MK: Our people believe that the more children you have the stronger you get the more respect you will get in the family and in society. It goes back to the nature of our tribes, particularly the Nilotic (primarily pastoral) tribes. If you are more in number, no one will try to steal your cattle or fight you. So that element is among our people and it was reinforced by the war.
Having lost over 2 million people means our population has gone down and we need to compensate. The threat of war is always there with the north, we will not be able to face that threat unless we have many strong men to fight.

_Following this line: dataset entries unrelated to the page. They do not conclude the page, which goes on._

(* Let $\mathcal{C}$ be a skeletally small triangulated category and $H$ a $\mathbb{Q}$-subspace of $G(\mathcal{C})_{\mathbb{Q}}$. Then there exists a dense subcategory $\mathcal{D}$ of $\mathcal{C}$ such that the image of the (injective) natural map $G(\mathcal{D})_{\mathbb{Q}}\to G(\mathcal{C})_{\mathbb{Q}}$ equals $H$.
   Context: $G(\mathcal{C})$ is the Grothendieck group of the triangulated category $\mathcal{C}$ (free abelian group on isomorphism classes modulo $[V]=[U]+[W]$ for exact triangles $U\to V\to W\to U[1]$); $H_{\mathbb{Q}}=H\otimes_{\mathbb{Z}}\mathbb{Q}$. A dense subcategory is a triangulated subcategory $\mathcal{D}$ (full, closed under $[\pm1]$, isomorphisms and cones) such that for every $U\in\mathcal{C}$ there is $V$ with $U\oplus V\in\mathcal{D}$. *)

From Stdlib Require Import List.
From HB Require Import structures.
From mathcomp Require Import all_boot all_order all_algebra.
Set Implicit Arguments.
Unset Strict Implicit.
Unset Printing Implicit Defensive.
Import GRing.Theory.
Local Open Scope ring_scope.

(* Preadditive category: Hom-sets are abelian groups, composition bilinear.
   Objects form a Type (a small collection), so the category is (skeletally) small. *)
Record preadd := PreAdd {
  Obj :> Type;
  Hom : Obj -> Obj -> zmodType;
  comp : forall X Y Z : Obj, Hom Y Z -> Hom X Y -> Hom X Z;
  idm : forall X : Obj, Hom X X;
  compA : forall X Y Z W (f : Hom Z W) (g : Hom Y Z) (h : Hom X Y),
      comp (comp f g) h = comp f (comp g h);
  comp1m : forall X Y (f : Hom X Y), comp (idm Y) f = f;
  compm1 : forall X Y (f : Hom X Y), comp f (idm X) = f;
  compDl : forall X Y Z (f g : Hom Y Z) (h : Hom X Y),
      comp (f + g) h = comp f h + comp g h;
  compDr : forall X Y Z (f : Hom Y Z) (g h : Hom X Y),
      comp f (g + h) = comp f g + comp f h
}.
Arguments Hom {p}.
Arguments comp {p X Y Z}.
Arguments idm {p}.

Section PreaddDefs.
Variable C : preadd.

Definition is_iso (X Y : C) (f : Hom X Y) :=
  exists g : Hom Y X, comp g f = idm X /\ comp f g = idm Y.

Definition iso_obj (X Y : C) := exists f : Hom X Y, is_iso f.

Definition is_zero_obj (Z : C) :=
  forall X : C, (forall f : Hom Z X, f = 0) /\ (forall g : Hom X Z, g = 0).

Definition biproduct (X Y P : C) :=
  exists (i1 : Hom X P) (i2 : Hom Y P) (p1 : Hom P X) (p2 : Hom P Y),
    [/\ comp p1 i1 = idm X, comp p2 i2 = idm Y, comp p1 i2 = 0,
        comp p2 i1 = 0 & comp i1 p1 + comp i2 p2 = idm P].

Variable S : C -> C.
Variable Sm : forall X Y : C, Hom X Y -> Hom (S X) (S Y).

Record triangle := Tri {
  t1 : C; t2 : C; t3 : C;
  tf : Hom t1 t2; tg : Hom t2 t3; th : Hom t3 (S t1) }.

Definition rotate (T : triangle) : triangle :=
  @Tri (t2 T) (t3 T) (S (t1 T)) (tg T) (th T) (- Sm (tf T)).

Definition tri_morph (T T' : triangle) (a : Hom (t1 T) (t1 T'))
    (b : Hom (t2 T) (t2 T')) (c : Hom (t3 T) (t3 T')) :=
  [/\ comp b (tf T) = comp (tf T') a,
      comp c (tg T) = comp (tg T') b &
      comp (Sm a) (th T) = comp (th T') c].

Definition tri_iso (T T' : triangle) :=
  exists a b c, @tri_morph T T' a b c /\ is_iso a /\ is_iso b /\ is_iso c.

Variable dist : triangle -> Prop.

Definition TR1 :=
  [/\ (forall T T', tri_iso T T' -> dist T -> dist T'),
      (forall X Z : C, is_zero_obj Z -> dist (@Tri X X Z (idm X) 0 0) ) &
      (forall (X Y : C) (f : Hom X Y),
          exists Z (g : Hom Y Z) (h : Hom Z (S X)), dist (Tri f g h))].

Definition TR2 := forall T, dist T <-> dist (rotate T).

Definition TR3 := forall T T' a b, dist T -> dist T' ->
  comp b (tf T) = comp (tf T') a -> exists c, @tri_morph T T' a b c.

Definition TR4 := forall (X Y Z Q1 Q2 Q3 : C) (f : Hom X Y) (g : Hom Y Z)
    (p1 : Hom Y Q1) (d1 : Hom Q1 (S X))
    (p2 : Hom Z Q2) (d2 : Hom Q2 (S X))
    (p3 : Hom Z Q3) (d3 : Hom Q3 (S Y)),
  dist (Tri f p1 d1) -> dist (Tri (comp g f) p2 d2) -> dist (Tri g p3 d3) ->
  exists (a : Hom Q1 Q2) (b : Hom Q2 Q3),
    [/\ dist (Tri a b (comp (Sm p1) d3)),
        comp a p1 = comp p2 g, comp d2 a = d1,
        comp b p2 = p3 & comp d3 b = comp (Sm f) d2].

End PreaddDefs.

Record triang := Triang {
  tcat :> preadd;
  shift : tcat -> tcat;
  shiftm : forall X Y : tcat, Hom X Y -> Hom (shift X) (shift Y);
  zero_ex : exists Z : tcat, is_zero_obj Z;
  biprod_ex : forall X Y : tcat, exists P, biproduct X Y P;
  shiftmD : forall (X Y : tcat) (f g : Hom X Y),
      shiftm (f + g) = shiftm f + shiftm g;
  shiftm1 : forall X : tcat, shiftm (idm X) = idm (shift X);
  shiftmM : forall (X Y Z : tcat) (f : Hom Y Z) (g : Hom X Y),
      shiftm (comp f g) = comp (shiftm f) (shiftm g);
  shift_ff : forall X Y : tcat, bijective (@shiftm X Y);
  shift_ess : forall Y : tcat, exists X, iso_obj (shift X) Y;
  dist : triangle shift -> Prop;
  tr1 : TR1 shiftm dist;
  tr2 : TR2 shiftm dist;
  tr3 : TR3 shiftm dist;
  tr4 : TR4 shiftm dist
}.
Arguments shift {t}.
Arguments dist {t}.

Section GrothDefs.
Variable C : triang.

Definition additive_on (W : zmodType) (phi : C -> W) :=
  forall T : triangle shift, dist T -> phi (t2 T) = phi (t1 T) + phi (t3 T).

(* (V, cls) is the rationalized Grothendieck group G(C)_Q = G(C) (x)_Z Q,
   characterized by its universal property: the initial Q-vector space
   with a map from objects that is additive on exact triangles. *)
Definition is_GQ (V : lmodType rat) (cls : C -> V) :=
  [/\ additive_on cls,
      (forall v : V, exists s : seq (rat * C),
          v = \sum_(p <- s) p.1 *: cls p.2) &
      (forall (W : lmodType rat) (phi : C -> W), additive_on phi ->
          exists psi : {linear V -> W}, forall X : C, psi (cls X) = phi X)].

(* Triangulated subcategory (full, given by a class of objects): closed
   under isomorphisms, [1], [-1] and cones. *)
Definition triang_subcat (D : C -> Prop) :=
  [/\ (forall X Y : C, iso_obj X Y -> D X -> D Y),
      (forall X : C, D X -> D (shift X)),
      (forall X : C, D (shift X) -> D X) &
      (forall T : triangle shift, dist T -> D (t1 T) -> D (t2 T) -> D (t3 T))].

Definition dense (D : C -> Prop) :=
  triang_subcat D /\
  forall U : C, exists (V P : C), biproduct U V P /\ D P.

(* Image of the natural map G(D)_Q -> G(C)_Q, [X]_D |-> [X]_C: the
   Q-span of the classes of objects of D. *)
Definition GQ_image (V : lmodType rat) (cls : C -> V) (D : C -> Prop) (v : V) :=
  exists s : seq (rat * C), (forall p, In p s -> D p.2) /\
    v = \sum_(p <- s) p.1 *: cls p.2.

End GrothDefs.

(* Additivity on exact triangles makes [cls] constant on isomorphism classes,
   send [X[1]] to [- cls X] and a direct sum to the sum of the classes. Hence the objects whose class lies in a subgroup [H] form a
   triangulated subcategory, which is dense because [U (+) U[1]] has class 0.
   Since sums and negatives of classes are again classes, every rational
   combination of classes has a positive integer multiple that is a class; so
   every vector of [H] is a rational multiple of the class of an object of that
   subcategory, and its classes span exactly [H]. *)
From HB Require Import structures.
From mathcomp Require Import all_boot all_order all_algebra.
From mathcomp Require Import zify.
Set Implicit Arguments.
Unset Strict Implicit.
Unset Printing Implicit Defensive.
Import GRing.Theory.
Local Open Scope ring_scope.

Section Preadditive.
Variable C : preadd.

Lemma compm0 (X Y Z : C) (f : Hom Y Z) : comp f (0 : Hom X Y) = 0.
Proof. by apply: (addrI (comp f 0)); rewrite -compDr !addr0. Qed.

Lemma comp0m (X Y Z : C) (f : Hom X Y) : comp (0 : Hom Y Z) f = 0.
Proof. by apply: (addrI (comp 0 f)); rewrite -compDl !addr0. Qed.

Lemma compNm (X Y Z : C) (f : Hom Y Z) (g : Hom X Y) :
  comp (- f) g = - comp f g.
Proof. by apply/eqP; rewrite -addr_eq0 -compDl addNr comp0m. Qed.

Lemma idm_eq0_zero_obj (X : C) : idm X = 0 -> is_zero_obj X.
Proof.
move=> X0 Y; split=> [f|g]; first by rewrite -(compm1 f) X0 compm0.
by rewrite -(comp1m g) X0 comp0m.
Qed.

End Preadditive.

Section Triangulated.
Variable C : triang.

Lemma shiftm0 (X Y : C) : shiftm (0 : Hom X Y) = 0.
Proof. by apply: (addrI (shiftm (0 : Hom X Y))); rewrite -shiftmD !addr0. Qed.

Lemma zero_obj_shift (Z : C) : is_zero_obj Z -> is_zero_obj (shift Z).
Proof.
move=> Z0; apply: idm_eq0_zero_obj.
by rewrite -shiftm1 (proj1 (Z0 Z) (idm Z)) shiftm0.
Qed.

Lemma dist_idm (X Z : C) : is_zero_obj Z -> dist (@Tri _ shift X X Z (idm X) 0 0).
Proof. by case: (tr1 C) => _ + _; apply. Qed.

Lemma dist_rotate (T : triangle (@shift C)) : dist T -> dist (rotate (@shiftm C) T).
Proof. by move/(tr2 T). Qed.

Lemma dist_comp_eq0 (T : triangle (@shift C)) : dist T -> comp (tg T) (tf T) = 0.
Proof.
move=> distT; have [Z Z0] := zero_ex C.
have [c [_ cE _]] := @tr3 C (Tri (idm (t1 T)) 0 0) T (idm _) (tf T) (dist_idm _ Z0) distT erefl.
by rewrite -cE /= compm0.
Qed.

(* Map [T] to the distinguished triangle [0 -> Y = Y -> 0] with TR3. *)
Lemma dist_weak_coker (T : triangle (@shift C)) (Y : C) (x : Hom (t2 T) Y) :
  dist T -> comp x (tf T) = 0 -> exists c : Hom (t3 T) Y, comp c (tg T) = x.
Proof.
move=> distT xf0; have [Z Z0] := zero_ex C.
pose T' := @Tri _ shift Z Y Y 0 (idm Y) 0.
have distT' : dist T'.
  apply/(tr2 T'); rewrite /rotate /= shiftm0 oppr0.
  exact/dist_idm/zero_obj_shift.
have [|c [_ cE _]] := @tr3 C T T' 0 x distT distT'; first by rewrite xf0 compm0.
by exists c; rewrite cE /= comp1m.
Qed.

Lemma dist_split_th_eq0 (T : triangle (@shift C)) (p : Hom (t2 T) (t1 T)) :
  dist T -> comp p (tf T) = idm (t1 T) -> th T = 0.
Proof.
move=> distT pf1.
have := dist_comp_eq0 (dist_rotate (dist_rotate distT)).
rewrite /= compNm => /eqP; rewrite oppr_eq0 => /eqP fh0.
by rewrite -(comp1m (th T)) -shiftm1 -pf1 shiftmM compA fh0 compm0.
Qed.

Lemma dist_tg_epi (T : triangle (@shift C)) (Y : C) (x : Hom (t3 T) Y) :
  dist T -> th T = 0 -> comp x (tg T) = 0 -> x = 0.
Proof.
move=> distT h0 xg0.
have [e <-] := dist_weak_coker (dist_rotate distT) xg0.
by rewrite /= h0 compm0.
Qed.

Lemma dist_biproduct (U V P : C) (i1 : Hom U P) (i2 : Hom V P)
    (p1 : Hom P U) (p2 : Hom P V) :
  comp p1 i1 = idm U -> comp p2 i2 = idm V -> comp p1 i2 = 0 ->
  comp p2 i1 = 0 -> comp i1 p1 + comp i2 p2 = idm P ->
  dist (@Tri _ shift U P V i1 p2 0).
Proof.
move=> p1i1 p2i2 p1i2 p2i1 sumP.
have [iso_dist _ cone_ex] := tr1 C.
have [W [g [h distT]]] := cone_ex U P i1.
have h0 : h = 0 := dist_split_th_eq0 distT p1i1.
have [c /= cg] := dist_weak_coker distT p2i1.
have gi1 : comp g i1 = 0 := dist_comp_eq0 distT.
have gi2c : comp (comp g i2) c = idm W.
  apply/eqP; rewrite -subr_eq0; apply/eqP/(dist_tg_epi distT h0).
  rewrite compDl compNm comp1m !compA cg.
  have -> : comp g (comp i2 p2) = g.
    by rewrite -{2}(compm1 g) -sumP compDr -(compA g i1) gi1 comp0m add0r.
  by rewrite subrr.
apply: iso_dist distT; exists (idm U), (idm P), c; split.
  by split; rewrite /= ?comp1m ?compm1 ?cg // shiftm1 comp1m h0 comp0m.
split; first by exists (idm U); rewrite comp1m.
split; first by exists (idm P); rewrite comp1m.
by exists (comp g i2); split=> //; rewrite -compA cg.
Qed.

End Triangulated.

Section AdditiveFunctions.
Variables (C : triang) (W : zmodType) (cls : C -> W).
Hypothesis cls_add : additive_on cls.

Lemma cls_zero_obj (Z : C) : is_zero_obj Z -> cls Z = 0.
Proof.
move=> Z0; apply: (addrI (cls Z)).
by rewrite addr0 [RHS](cls_add (dist_idm Z Z0)).
Qed.

Lemma cls_iso (X Y : C) : iso_obj X Y -> cls X = cls Y.
Proof.
move=> [f [g [gf fg]]]; have [Z Z0] := zero_ex C.
have [iso_dist _ _] := tr1 C.
have distT : dist (@Tri _ shift X Y Z f 0 0).
  apply: iso_dist (dist_idm X Z0); exists (idm X), f, (idm Z); split.
    by split; rewrite /= ?comp1m ?compm1 ?compm0 ?comp0m.
  split; first by exists (idm X); rewrite comp1m.
  split; first by exists g.
  by exists (idm Z); rewrite comp1m.
by rewrite [RHS](cls_add distT) /= (cls_zero_obj Z0) addr0.
Qed.

Lemma cls_shift (X : C) : cls (shift X) = - cls X.
Proof.
have [Z Z0] := zero_ex C.
have := cls_add (dist_rotate (dist_idm X Z0)); rewrite /= (cls_zero_obj Z0).
by move=> E; apply/eqP; rewrite -addr_eq0 addrC -E.
Qed.

Lemma cls_biproduct (U V P : C) : biproduct U V P -> cls P = cls U + cls V.
Proof.
move=> [i1 [i2 [p1 [p2 [E1 E2 E3 E4 E5]]]]].
exact: (cls_add (dist_biproduct E1 E2 E3 E4 E5)).
Qed.

Lemma cls_mulrn (X : C) (n : nat) : exists Y, cls Y = cls X *+ n.
Proof.
elim: n => [|n [Y YE]].
  by have [Z Z0] := zero_ex C; exists Z; apply: cls_zero_obj.
have [P XYP] := biprod_ex X Y.
by exists P; rewrite (cls_biproduct XYP) YE mulrS.
Qed.

Lemma cls_mulrz (X : C) (k : int) : exists Y, cls Y = cls X *~ k.
Proof.
case: k => n; first exact: cls_mulrn.
have [Y YE] := cls_mulrn X n.+1.
by exists (shift Y); rewrite cls_shift YE NegzE mulrNz.
Qed.

Section ClassPreimage.
Variable H : {pred W}.
Hypothesis H_zmod : zmod_closed H.
HB.instance Definition _ := GRing.isZmodClosed.Build W H H_zmod.

Lemma triang_subcat_cls_preimage : triang_subcat (fun X => cls X \in H).
Proof.
split=> [X Y /cls_iso <- //|X|X|T distT H1 H2].
- by rewrite cls_shift rpredN.
- by rewrite cls_shift rpredN.
have -> : cls (t3 T) = cls (t2 T) - cls (t1 T).
  by rewrite (cls_add distT) addrAC subrr add0r.
exact: rpredB.
Qed.

Lemma dense_cls_preimage : dense (fun X => cls X \in H).
Proof.
split; first exact: triang_subcat_cls_preimage.
move=> U; have [P HP] := biprod_ex U (shift U).
by exists (shift U), P; rewrite (cls_biproduct HP) cls_shift subrr rpred0.
Qed.

End ClassPreimage.

End AdditiveFunctions.

Section RationalClasses.
Variables (C : triang) (V : lmodType rat) (cls : C -> V).
Hypothesis cls_add : additive_on cls.

Lemma cls_comb_mulrn (s : seq (rat * C)) :
  exists (n : nat) (Y : C), (\sum_(p <- s) p.1 *: cls p.2) *+ n.+1 = cls Y.
Proof.
elim: s => [|[q X] s [m [Y YE]]].
  have [Z Z0] := zero_ex C; exists 0%N, Z.
  by rewrite big_nil mul0rn (cls_zero_obj cls_add Z0).
have [d dE] : exists d : nat, denq q = d.+1%:Z.
  by have := denq_gt0 q; case: (denq q) => [[|d]|d] // _; exists d.
have qXE : (q *: cls X) *+ d.+1 = cls X *~ numq q.
  by rewrite scalerMnl -scaler_int numqE dE -mulr_natr.
have [X1 X1E] := cls_mulrz cls_add X (numq q).
have [X2 X2E] := cls_mulrn cls_add X1 m.+1.
have [Y2 Y2E] := cls_mulrn cls_add Y d.+1.
have [P HP] := biprod_ex X2 Y2.
exists (d * m + d + m)%N, P.
rewrite (cls_biproduct cls_add HP) X2E Y2E X1E -qXE -YE big_cons /=.
have -> : (d * m + d + m).+1 = (d.+1 * m.+1)%N by lia.
by rewrite mulrnDl mulrnA; congr (_ + _); rewrite mulnC mulrnA.
Qed.

Section SubspacePreimage.
Variable H : {pred V}.
Hypothesis H_submod : submod_closed H.
HB.instance Definition _ := GRing.isSubmodClosed.Build rat V H H_submod.

Lemma GQ_image_cls_preimage :
  (forall v : V, exists s : seq (rat * C), v = \sum_(p <- s) p.1 *: cls p.2) ->
  forall v : V, v \in H <-> GQ_image cls (fun X => cls X \in H) v.
Proof.
move=> cls_span v; split=> [Hv|[s [sH ->]]]; last first.
  elim: s sH => [|p s IH] sH; first by rewrite big_nil rpred0.
  rewrite big_cons rpredD ?rpredZ ?IH //; first by apply: sH; left.
  by move=> p' s_p'; apply: sH; right.
have [s vE] := cls_span v; have [n [Y YE]] := cls_comb_mulrn s.
rewrite -vE -scaler_nat in YE.
exists [:: (n.+1%:R^-1, Y)]; split=> [p [<-|[]] /=|].
  by rewrite -YE rpredZ.
rewrite big_seq1 /= -YE scalerA mulVf ?scale1r //.
by rewrite Num.Theory.pnatr_eq0.
Qed.

End SubspacePreimage.

End RationalClasses.

Theorem lemma3p3 (C : triang) (V : lmodType rat) (cls : C -> V)
    (HG : is_GQ cls) (H : {pred V}) (HH : GRing.submod_closed H) :
  exists D : C -> Prop, dense D /\ (forall v : V, v \in H <-> GQ_image cls D v).
Proof.
case: HG => cls_add cls_span _.
exists (fun X => cls X \in H); split.
  exact (dense_cls_preimage cls_add (GRing.submod_closedB HH)).
exact: GQ_image_cls_preimage.
Qed.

Personally I think, we should produce fewer children and over time the number will increase and here you will have achieved a high population growth and a healthy population at the same time.
It s not easy to sell that idea to the population but I think over time they will buy it. People are already beginning to feel the burden economically of having one person with a new government job and a whole family of about 20 people dependent on them.
As a government we re not telling people to have smaller families. It is easier to tell them whether you want more or few children that s your choice, but try to plan and to use the little resources we have in the wisest way.
IPS: Where can you start, bearing in mind that 92 percent of Southern women are illiterate?
MK: You begin at the health facilities. That s the best point to talk to people. And also we will use important personalities in the communities like chiefs and traditional midwives, people trusted by the people. We will educate these people and then they can pass it on.
IPS: What is the good news?
Most of the contraceptives, from oral contraceptives to barrier methods, are available free of charge in hospitals and some clinics and health centers and can also be purchased from the market.
We don t have figures but according to HIV people there s been an increase on the market of condoms.
And the outreach is going on very well in the army. They are taking it very seriously. They talk about it on their daily parades.